CI pipeline that catches prompt regressions before new model versions reach production.
A Vitest test suite where each test case is a prompt + expected output pattern. Tests run against the current model version and check: does the output match the expected format (Zod validation)? Does it contain required information? Does the tone match (scored by a separate Claude call)? The suite runs in GitHub Actions on every PR that touches prompt files.
Prototyping with 50 test cases across BRVO's own prompts (chat, audit, lead qualifier). Testing whether model version upgrades (e.g., Sonnet 3.5 → Sonnet 4) break existing behaviour. Early finding: 8 out of 50 test cases failed when switching from Sonnet 3.5 to Sonnet 4 — all were tone-related (Sonnet 4 is more formal by default). This caught issues before they reached production.

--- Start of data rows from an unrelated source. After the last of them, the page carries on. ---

(* Let $G$ be a finite simple graph with adjacency matrix $A$. Then every realization of $G$ by Pauli strings uses strings of length at least $\operatorname{rank}_{\mathbb{F}_2}(A)/2$, and there exists a realization of $G$ by Pauli strings of length exactly $\operatorname{rank}_{\mathbb{F}_2}(A)/2$.
   Context: $\operatorname{rank}_{\mathbb{F}_2}(A)$ is the rank of the $0/1$ matrix $A$ over the field with two elements (it is even since $A$ is symmetric with zero diagonal). A Pauli string of length $\ell$ is a tensor product of $\ell$ matrices from $\{I,X,Y,Z\}$. A realization of $G$ on $\{1,\dots,n\}$ is a tuple $(S_1,\dots,S_n)$ of Pauli strings of a common length with $S_iS_j=-S_jS_i$ if $i\sim j$ and $S_iS_j=S_jS_i$ otherwise. *)

From mathcomp Require Import all_boot all_order all_algebra all_field.
From mathcomp Require Import mxtens.
Set Implicit Arguments. Unset Strict Implicit. Unset Printing Implicit Defensive.
Import GRing.Theory Num.Theory.
Local Open Scope ring_scope.

Inductive pauli := PI | PX | PY | PZ.

Definition pauli_mx (p : pauli) : 'M[algC]_2 :=
  \matrix_(i < 2, j < 2)
   match p with
   | PI => if i == j then 1 else 0
   | PX => if i == j then 0 else 1
   | PY => if i == j then 0 else if (i == 0 :> nat) then - 'i else 'i
   | PZ => if i == j then (if (i == 0 :> nat) then 1 else -1) else 0
   end.

Fixpoint pdim (s : seq pauli) : nat :=
  if s is _ :: s' then (2 * pdim s')%N else 1%N.

Fixpoint pstr_mx (s : seq pauli) : 'M[algC]_(pdim s) :=
  match s return 'M[algC]_(pdim s) with
  | [::] => 1%:M
  | p :: s' => tensmx (pauli_mx p) (pstr_mx s')
  end.

Lemma pdim_size (s : seq pauli) : pdim s = (2 ^ size s)%N.
Proof. by elim: s => //= _ s ->; rewrite expnS. Qed.

Lemma pdim_tuple l (t : l.-tuple pauli) : pdim t = (2 ^ l)%N.
Proof. by rewrite pdim_size size_tuple. Qed.

Definition pauli_string_mx l (t : l.-tuple pauli) : 'M[algC]_(2 ^ l) :=
  castmx (pdim_tuple t, pdim_tuple t) (pstr_mx t).

Definition realization n (adj : rel 'I_n) l (S : 'I_n -> l.-tuple pauli) :=
  forall i j : 'I_n,
    if adj i j then
      pauli_string_mx (S i) *m pauli_string_mx (S j)
      = - (pauli_string_mx (S j) *m pauli_string_mx (S i))
    else
      pauli_string_mx (S i) *m pauli_string_mx (S j)
      = pauli_string_mx (S j) *m pauli_string_mx (S i).

Definition adj_mx_F2 n (adj : rel 'I_n) : 'M['F_2]_n :=
  \matrix_(i, j) (adj i j)%:R.

(* Over F_2, a Pauli letter is determined by its (x, z) coordinates, two letters
   anticommute iff their coordinates have symplectic product 1, and two Pauli
   strings anticommute iff the number of anticommuting positions is odd. Hence
   the F_2 matrix recording which strings of a realization anticommute is the
   adjacency matrix, and it factors through F_2^(2l): its rank is at most 2l.
   Conversely, an alternating F_2 matrix A with A_ab = 1 yields one letter per
   vertex (x-bit A_ib, z-bit A_ia) accounting for a rank-2 symplectic part, and
   the remainder A + A_.b A_a. + A_.a A_b. is alternating of rank at most
   rank A - 2; iterating produces strings of length at most rank A / 2. *)
From mathcomp Require Import all_boot all_order all_algebra all_field.
From mathcomp Require Import mxtens zify.
Set Implicit Arguments. Unset Strict Implicit. Unset Printing Implicit Defensive.
Import GRing.Theory Num.Theory.
Local Open Scope ring_scope.

Section CastTensor.
Variable R : comPzRingType.

Lemma castmx_mulmx m m' (e : m = m') (M N : 'M[R]_m) :
  castmx (e, e) (M *m N) = castmx (e, e) M *m castmx (e, e) N.
Proof. by case: m' / e. Qed.

Lemma castmx_scale m m' (e : m = m') c (M : 'M[R]_m) :
  castmx (e, e) (c *: M) = c *: castmx (e, e) M.
Proof. by case: m' / e. Qed.

Lemma castmx_scalar1 m m' (e : m = m') : castmx (e, e) (1%:M : 'M[R]_m) = 1%:M.
Proof. by case: m' / e. Qed.

Lemma tensmx_scale m n p q a b (A : 'M[R]_(m, n)) (B : 'M[R]_(p, q)) :
  (a *: A) *t (b *: B) = (a * b) *: (A *t B).
Proof. by apply/matrixP=> i j; rewrite !mxE mulrACA. Qed.

Lemma tensmx_scalar1 m p : (1%:M : 'M[R]_m) *t (1%:M : 'M[R]_p) = 1%:M.
Proof.
apply/matrixP=> i j.
case: (mxtens_indexP i) => i0 i1; case: (mxtens_indexP j) => j0 j1.
rewrite tensmxE !mxE (inj_eq (can_inj (@mxtens_indexK _ _))) xpair_eqE.
by case: (i0 == j0); case: (i1 == j1); rewrite ?mulr1 ?mulr0.
Qed.

End CastTensor.

Definition anticommuting (p q : pauli) : bool :=
  match p, q with
  | PI, _ | _, PI | PX, PX | PY, PY | PZ, PZ => false
  | _, _ => true
  end.

Fixpoint anticomm_count (s t : seq pauli) : nat :=
  if (s, t) is (p :: s', q :: t') then
    (anticommuting p q + anticomm_count s' t')%N
  else 0%N.

Lemma ord2_cases (i : 'I_2) : i = 0 \/ i = 1.
Proof. by case: i => [[|[|k]] Hk]; [left|right|]; try apply/val_inj. Qed.

Lemma pauli_mx_sq p : pauli_mx p *m pauli_mx p = 1.
Proof.
have ii : 'i * 'i = -1 :> algC by rewrite -expr2 sqrCi.
apply/matrixP=> i j; rewrite !mxE !big_ord_recl !big_ord0 !mxE.
case: (ord2_cases i) => ->; case: (ord2_cases j) => ->; case: p => /=;
  by rewrite ?(mul0r, mulr0, mul1r, mulr1, addr0, add0r, mulrNN, mulNr, mulrN,
               ii, opprK, oppr0).
Qed.

Lemma pauli_mx_comm p q :
  pauli_mx p *m pauli_mx q
  = (-1) ^+ anticommuting p q *: (pauli_mx q *m pauli_mx p).
Proof.
have ii : 'i * 'i = -1 :> algC by rewrite -expr2 sqrCi.
apply/matrixP=> i j; rewrite !mxE !big_ord_recl !big_ord0 !mxE.
case: (ord2_cases i) => ->; case: (ord2_cases j) => ->; case: p; case: q => /=;
  rewrite ?expr0 ?expr1 ?scale1r ?scaleN1r ?mxE;
  by rewrite ?(mul0r, mulr0, mul1r, mulr1, addr0, add0r, mulrNN, mulNr, mulrN,
               ii, opprK, oppr0).
Qed.

Lemma pauli_string_mx_cons l p (t : l.-tuple pauli) :
  pauli_string_mx (cons_tuple p t)
  = castmx (esym (expnS 2 l), esym (expnS 2 l)) (pauli_mx p *t pauli_string_mx t).
Proof.
rewrite /pauli_string_mx; move: (pdim_tuple (cons_tuple p t)) (pdim_tuple t) => /=.
move: (pstr_mx t); move: (pdim t) => k M e1 e2; subst k.
by rewrite castmx_id (eq_irrelevance e1 (esym (expnS 2 l))).
Qed.

Lemma pauli_string_mx_sq l (s : l.-tuple pauli) :
  pauli_string_mx s *m pauli_string_mx s = 1%:M.
Proof.
elim: l s => [|l IHl] s.
  by rewrite (tuple0 s) /pauli_string_mx castmx_scalar1 mulmx1.
case/tupleP: s => p s.
rewrite pauli_string_mx_cons -castmx_mulmx tensmx_mul pauli_mx_sq IHl.
by rewrite tensmx_scalar1 castmx_scalar1.
Qed.

Lemma pauli_string_mx_comm l (s t : l.-tuple pauli) :
  pauli_string_mx s *m pauli_string_mx t
  = (-1) ^+ anticomm_count s t *: (pauli_string_mx t *m pauli_string_mx s).
Proof.
elim: l s t => [|l IHl] s t.
  by rewrite (tuple0 s) (tuple0 t) expr0 scale1r.
case/tupleP: s => p s; case/tupleP: t => q t.
rewrite !pauli_string_mx_cons -!castmx_mulmx !tensmx_mul pauli_mx_comm IHl.
by rewrite tensmx_scale -castmx_scale exprD.
Qed.

Lemma right_invertible_neq_opp (F : numFieldType) n (Q R : 'M[F]_n) :
  (0 < n)%N -> Q *m R = 1%:M -> Q <> - Q.
Proof.
move=> n_gt0 QR QN; have := congr1 (mulmx^~ R) QN; rewrite /= mulNmx QR.
move/matrixP/(_ (Ordinal n_gt0) (Ordinal n_gt0)) => /eqP.
by rewrite !mxE eqxx eq_sym eqNr oner_eq0.
Qed.

Lemma pauli_string_mx_relP l (s t : l.-tuple pauli) (b : bool) :
  (if b then pauli_string_mx s *m pauli_string_mx t
             = - (pauli_string_mx t *m pauli_string_mx s)
   else pauli_string_mx s *m pauli_string_mx t
             = pauli_string_mx t *m pauli_string_mx s)
  <-> odd (anticomm_count s t) = b.
Proof.
have unit_ts : (pauli_string_mx t *m pauli_string_mx s) *m
               (pauli_string_mx s *m pauli_string_mx t) = 1%:M.
  rewrite mulmxA -(mulmxA (pauli_string_mx t)) pauli_string_mx_sq mulmx1.
  exact: pauli_string_mx_sq.
have neq_opp := right_invertible_neq_opp (expn_gt0 2 l) unit_ts.
rewrite pauli_string_mx_comm -signr_odd; split; last first.
  by move=> ->; case: b; rewrite ?scale1r ?scaleN1r.
by case: b; case: odd; rewrite ?scale1r ?scaleN1r // => /esym.
Qed.

Definition pauli_gram n l (S : 'I_n -> l.-tuple pauli) : 'M['F_2]_n :=
  \matrix_(i, j) (anticomm_count (S i) (S j))%:R.

Lemma F2_cases (x : 'F_2) : x = 0 \/ x = 1.
Proof. by case: x => [[|[|k]] Hk]; [left|right|]; try apply/val_inj. Qed.

Lemma pchar_F2 : 2 \in [pchar 'F_2].
Proof. exact: pchar_Fp. Qed.

Lemma natr_F2 m : (m%:R : 'F_2) = (odd m)%:R.
Proof. by rewrite -Fp_nat_mod // modn2. Qed.

Lemma natr_F2_inj : injective (fun b : bool => b%:R : 'F_2).
Proof. by case; case => // /eqP; rewrite ?oner_eq0 // eq_sym oner_eq0. Qed.

Lemma realization_pauli_gramP n (adj : rel 'I_n) l (S : 'I_n -> l.-tuple pauli) :
  realization adj S <-> pauli_gram S = adj_mx_F2 adj.
Proof.
split=> [realS | gramS i j].
  apply/matrixP => i j.
  by rewrite !mxE natr_F2 ((pauli_string_mx_relP _ _ _).1 (realS i j)).
apply/pauli_string_mx_relP/natr_F2_inj.
by move/matrixP: gramS => /(_ i j); rewrite !mxE -natr_F2.
Qed.

Definition pauli_x (p : pauli) : 'F_2 := match p with PX | PY => 1 | _ => 0 end.
Definition pauli_z (p : pauli) : 'F_2 := match p with PZ | PY => 1 | _ => 0 end.

Lemma anticommuting_F2 p q :
  (anticommuting p q)%:R = pauli_x p * pauli_z q + pauli_z p * pauli_x q.
Proof. by case: p; case: q; apply/val_inj. Qed.

Lemma anticomm_count_sum l (s t : l.-tuple pauli) :
  anticomm_count s t = (\sum_(j < l) anticommuting (tnth s j) (tnth t j))%N.
Proof.
elim: l s t => [|l IHl] s t; first by rewrite (tuple0 s) (tuple0 t) big_ord0.
case/tupleP: s => p s; case/tupleP: t => q t.
by rewrite big_ord_recl /= !tnth0 IHl; under eq_bigr do rewrite !tnthS.
Qed.

Lemma mxrank_pauli_gram n l (S : 'I_n -> l.-tuple pauli) :
  (\rank (pauli_gram S) <= l.*2)%N.
Proof.
pose X : 'M['F_2]_(n, l + l) := \matrix_(i, j)
  match split j with
  | inl k => pauli_x (tnth (S i) k) | inr k => pauli_z (tnth (S i) k)
  end.
pose Y : 'M['F_2]_(l + l, n) := \matrix_(j, i)
  match split j with
  | inl k => pauli_z (tnth (S i) k) | inr k => pauli_x (tnth (S i) k)
  end.
have -> : pauli_gram S = X *m Y.
  apply/matrixP => i i'; rewrite !mxE anticomm_count_sum natr_sum big_split_ord /=.
  rewrite -big_split /=; apply: eq_bigr => j _.
  by rewrite !mxE (unsplitK (inl j)) (unsplitK (inr j)) anticommuting_F2.
by rewrite -addnn (leq_trans (mxrankM_maxl _ _)) ?rank_leq_col.
Qed.

Lemma mxrank_add_annihilated (F : fieldType) m p n k (A : 'M[F]_(m, n))
    (R : 'M[F]_(k, n)) (B : 'M[F]_(p, n)) (Y : 'M[F]_(n, k)) :
  (A <= B)%MS -> (R <= B)%MS -> A *m Y = 0 -> R *m Y = 1%:M ->
  (\rank A + k <= \rank B)%N.
Proof.
move=> sAB sRB AY RY.
have capAR : (A :&: R)%MS = 0.
  have /submxP [DA eqA] := capmxSl A R; have /submxP [DR eqR] := capmxSr A R.
  suff DR0 : DR = 0 by rewrite eqR DR0 mul0mx.
  by rewrite -[DR]mulmx1 -RY mulmxA -eqR eqA -mulmxA AY mulmx0.
have rankR : (k <= \rank R)%N by rewrite -{1}(mxrank1 F k) -RY mxrankM_maxl.
apply: leq_trans (mxrankS (_ : (A + R <= B)%MS)); last by rewrite addsmx_sub sAB.
by rewrite mxrank_disjoint_sum // leq_add2l.
Qed.

Section SymplecticReduction.
Variable n : nat.
Implicit Types B : 'M['F_2]_n.

Definition alternating B := (forall i, B i i = 0) /\ (forall i j, B i j = B j i).

Definition symplectic_reduce B a b : 'M['F_2]_n :=
  B + col b B *m row a B + col a B *m row b B.

Lemma symplectic_reduceE B a b i j :
  symplectic_reduce B a b i j = B i j + B i b * B a j + B i a * B b j.
Proof. by rewrite !mxE !big_ord1 !mxE. Qed.

Lemma alternating_symplectic_reduce B a b :
  alternating B -> alternating (symplectic_reduce B a b).
Proof.
move=> [B_diag B_sym]; split=> [i | i j]; rewrite !symplectic_reduceE.
  by rewrite B_diag add0r (B_sym a i) (B_sym b i) mulrC (addrr_pchar2 pchar_F2).
rewrite (B_sym j i) (B_sym j b) (B_sym a i) (B_sym j a) (B_sym b i).
by rewrite [B b j * _]mulrC [B a j * _]mulrC addrAC.
Qed.

Lemma symplectic_reduce_col B a b : alternating B -> B a b = 1 ->
  col a (symplectic_reduce B a b) = 0 /\ col b (symplectic_reduce B a b) = 0.
Proof.
move=> [B_diag B_sym] Bab; split; apply/matrixP => i j;
  rewrite [LHS]mxE [RHS]mxE symplectic_reduceE B_diag ?(B_sym b a) Bab;
  by rewrite !mulr0 !mulr1 !addr0 (addrr_pchar2 pchar_F2).
Qed.

Lemma mxrank_symplectic_reduce B a b : alternating B -> B a b = 1 ->
  (\rank (symplectic_reduce B a b) + 2 <= \rank B)%N.
Proof.
move=> altB Bab; have [B_diag B_sym] := altB.
have [col_a col_b] := symplectic_reduce_col altB Bab.
pose Rab := col_mx (row a B) (row b B).
pose Y := row_mx (col b 1%:M) (col a 1%:M) : 'M['F_2]_(n, 1 + 1).
apply: (mxrank_add_annihilated (R := Rab) (Y := Y)).
- rewrite !addmx_sub ?submx_refl //;
    exact: submx_trans (submxMl _ _) (row_sub _ _).
- by rewrite col_mx_sub !row_sub.
- by rewrite mul_mx_row !col1 -!colE col_a col_b row_mx0.
rewrite mul_col_row -!row_mul !col1 -!colE (scalar_mx_block 1 1).
by congr block_mx; apply/matrixP => i j;
  rewrite !ord1 !mxE ?B_diag ?Bab ?(B_sym b a) ?Bab.
Qed.

End SymplecticReduction.

Lemma F2_mx0_or_entry1 m p (B : 'M['F_2]_(m, p)) :
  B = 0 \/ exists a b, B a b = 1.
Proof.
have [-> | /matrix0Pn [a [b Bab]]] := eqVneq B 0; [by left | right].
by exists a, b; case: (F2_cases (B a b)) Bab => ->.
Qed.

Definition pauli_letter (x z : 'F_2) : pauli :=
  if x == 1 then (if z == 1 then PY else PX) else (if z == 1 then PZ else PI).

Lemma pauli_x_letter x z : pauli_x (pauli_letter x z) = x.
Proof. by case: (F2_cases x) => ->; case: (F2_cases z) => ->. Qed.

Lemma pauli_z_letter x z : pauli_z (pauli_letter x z) = z.
Proof. by case: (F2_cases x) => ->; case: (F2_cases z) => ->. Qed.

Lemma pauli_gram_symplectic_extend n l (B : 'M['F_2]_n) a b
    (S : 'I_n -> l.-tuple pauli) :
  alternating B -> pauli_gram S = symplectic_reduce B a b ->
  pauli_gram (fun i => cons_tuple (pauli_letter (B i b) (B i a)) (S i)) = B.
Proof.
move=> [_ B_sym] /matrixP gramS; apply/matrixP => i j.
rewrite mxE /= natrD anticommuting_F2 !pauli_x_letter !pauli_z_letter.
have := gramS i j; rewrite mxE => ->.
rewrite symplectic_reduceE -(B_sym a j) -(B_sym b j) addrC -[B i j + _ + _]addrA.
by rewrite -addrA (addrr_pchar2 pchar_F2) addr0.
Qed.

Lemma alternating_pauli_gram n (B : 'M['F_2]_n) : alternating B ->
  exists l (S : 'I_n -> l.-tuple pauli), pauli_gram S = B /\ (l.*2 <= \rank B)%N.
Proof.
move rankB: (\rank B) => r; elim/ltn_ind: r B rankB => r IHr B rankB altB.
have [-> | [a [b Bab]]] := F2_mx0_or_entry1 B.
  exists 0%N, (fun=> [tuple]).
  by split; first by apply/matrixP => i j; rewrite !mxE.
have rank_reduce := mxrank_symplectic_reduce altB Bab.
have [|l [S [gramS rankS]]] :=
  IHr _ _ _ erefl (alternating_symplectic_reduce a b altB); first by lia.
exists l.+1, (fun i => cons_tuple (pauli_letter (B i b) (B i a)) (S i)).
by split; [exact: pauli_gram_symplectic_extend | rewrite doubleS; lia].
Qed.

Theorem theorem6 (n : nat) (adj : rel 'I_n) :
  symmetric adj -> irreflexive adj ->
  (forall (l : nat) (S : 'I_n -> l.-tuple pauli),
      realization adj S -> (\rank (adj_mx_F2 adj) <= l.*2)%N)
  /\ exists S : 'I_n -> ((\rank (adj_mx_F2 adj))./2).-tuple pauli,
      realization adj S.
Proof.
move=> adj_sym adj_irr.
have lower l (S : 'I_n -> l.-tuple pauli) :
    realization adj S -> (\rank (adj_mx_F2 adj) <= l.*2)%N.
  by move/realization_pauli_gramP <-; exact: mxrank_pauli_gram.
split=> //.
have alt_adj : alternating (adj_mx_F2 adj).
  by split=> [i | i j]; rewrite !mxE ?adj_irr // adj_sym.
have [l [S [gramS rankS]]] := alternating_pauli_gram alt_adj.
have realS : realization adj S by exact/realization_pauli_gramP.
have rank_adj : \rank (adj_mx_F2 adj) = l.*2.
  by apply/eqP; rewrite eqn_leq rankS (lower _ S).
by rewrite rank_adj doubleK; exists S.
Qed.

Being developed to protect BRVO clients from model update surprises. When Anthropic or OpenAI releases a new model version, BRVO runs the regression suite against it before switching any client over. No more "the chatbot sounds different after the update" complaints.
A company relying on Claude for customer-facing chat. When Claude updates, the regression suite runs 200 test conversations and flags any where the tone, accuracy, or format has changed.
A marketing tool generating social media posts. The suite checks that output length, hashtag usage, and brand voice haven't shifted after a model update.
A company using AI for document summarisation. The suite verifies that summaries still capture key points, maintain the right length, and don't introduce hallucinations.